Up 軍事国家 : 要旨 作成: 2023-07-27
更新: 2023-07-27


    国は,国をつくることが容易でない時節には,軍事国家になる。

    国をつくることが容易でない時節とは,群雄が割拠する内戦模様の時節である。
    実際,内戦の混乱に乗じて,領土拡張を狙う隣国が侵攻してくる懼れがある。
    また,列強が内戦を自分たちの代理戦争にしてくる懼れがある。

    政権は,速やかに内戦に勝利して,国内を統一せねばならない。
    この政権は,自ずと軍事政権になる。
    軍備を,国内と国外の両方に向けて,強化する。
    こうしてこの国は,軍事国家になる。

      アフリカには,異なる文化 (「民族」) 間の抗争で,国の(てい)を成していない国がある。
      列強は,この国にデモクラシーを教えて,国を統一させようとする。
      この干渉がなければ,その国が統一を果たす形は,軍事政権である。


    平和国家は,軍事国家にならずに済んでいる国である。
    軍事国家は,軍事国家になることを強いられている国である。
    両者は,国家観を巡って対立することになる。


    軍事国家の軍備は,内と外の両方に向いている。
    そして内向きの軍事は,外向きの軍事に匹敵するものであり得る。
    国内統治での中国の軍事──特に,台湾有事の際の軍事──が,これの例になる。
    その軍事が外向きの軍事と違う点は,軍備から核ミサイルが除かれることだけである。
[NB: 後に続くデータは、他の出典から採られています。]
Lemma four_cycle_cut_not_hamiltonian (T : finType) (e : rel T) (A : {set T})
    (x y a1 a2 z : T) :
  x \notin A -> y \notin A -> a1 \in A -> a2 \in A -> x != y -> a1 != a2 ->
  z \notin [set x; a1; y; a2] ->
  (forall a b, a \in A -> b \notin A -> e a b ->
     (a == a1) && (b == y) || (a == a2) && (b == x)) ->
  (forall a b, a \notin A -> b \in A -> e a b ->
     (a == x) && (b == a1) || (a == y) && (b == a2)) ->
  ~ hamiltonian e.
Proof.
move=> xA yA a1A a2A xy a12 zD e_leave e_enter /hamiltonian_successor [sig [arc cyc]].
exact: (cyclic_four_cycle_cut arc cyc xA yA a1A a2A xy a12 zD e_leave e_enter).
Qed.

Lemma strongly_2_connected_connect (V : finType) (h : rel V) :
  strongly_2_connected h -> forall u v, connect h u v.
Proof.
case=> V3 h2 u v; have [w] : exists w, w \notin [set u; v].
  have : 0 < #|~: [set u; v]|.
    by rewrite cardsCs setCK cards2; move: V3; case: (u != v) => /=; lia.
  by case/card_gt0P => w; rewrite inE; exists w.
rewrite !inE negb_or => /andP [wu wv].
have uv : connect (avoid h w) u v by apply: h2; rewrite eq_sym.
by apply: connect_sub uv => a b /andP [hab _]; apply: connect1.
Qed.

Section Ports.
Variables (V : finType) (p q : V).

Definition ports : {set V} := [set p; q].

Definition ports_reachable (h : rel V) : Prop :=
  forall w u, u != w ->
    (exists2 z, z \in ports :\ w & connect (avoid h w) u z) /\
    (exists2 z, z \in ports :\ w & connect (avoid h w) z u).

Lemma mem_ports_tperm u : (tperm p q u \in ports) = (u \in ports).
Proof.
rewrite /ports !inE.
by case: tpermP => [->|->|/eqP/negbTE-> /eqP/negbTE->]; rewrite ?eqxx ?orbT.
Qed.

Hypothesis pq : p != q.

Lemma tperm_ports_neq u : u \in ports -> tperm p q u != u.
Proof. by rewrite /ports !inE => /orP [] /eqP ->; rewrite ?tpermL ?tpermR // eq_sym. Qed.

Lemma exists_port_neq w : exists2 z, z \in ports & z != w.
Proof.
have : 0 < #|ports :\ w|.
  by move: (cardsD1 w ports); rewrite /ports cards2 pq; case: (_ \in _) => /=; lia.
by case/card_gt0P => z; rewrite in_setD1 => /andP [zw zP]; exists z.
Qed.

Lemma exists_nonport : 2 < #|V| -> exists c, c \notin ports.
Proof.
move=> V3; have : 0 < #|~: ports| by rewrite cardsCs setCK /ports cards2 pq; lia.
by case/card_gt0P => c; rewrite inE; exists c.
Qed.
      外向きの軍備は,核ミサイルに象徴される。
      核ミサイルは内向きの兵器にはならないからである。

    ここで核ミサイルが出てきたが,外向きの軍備は,核ミサイルが絶対的に物を言う。
    (《風力発電の風車をいくら設置しても,原発1基にも満たない》となにやら似ている。)
    実際,北朝鮮がこれの例になる。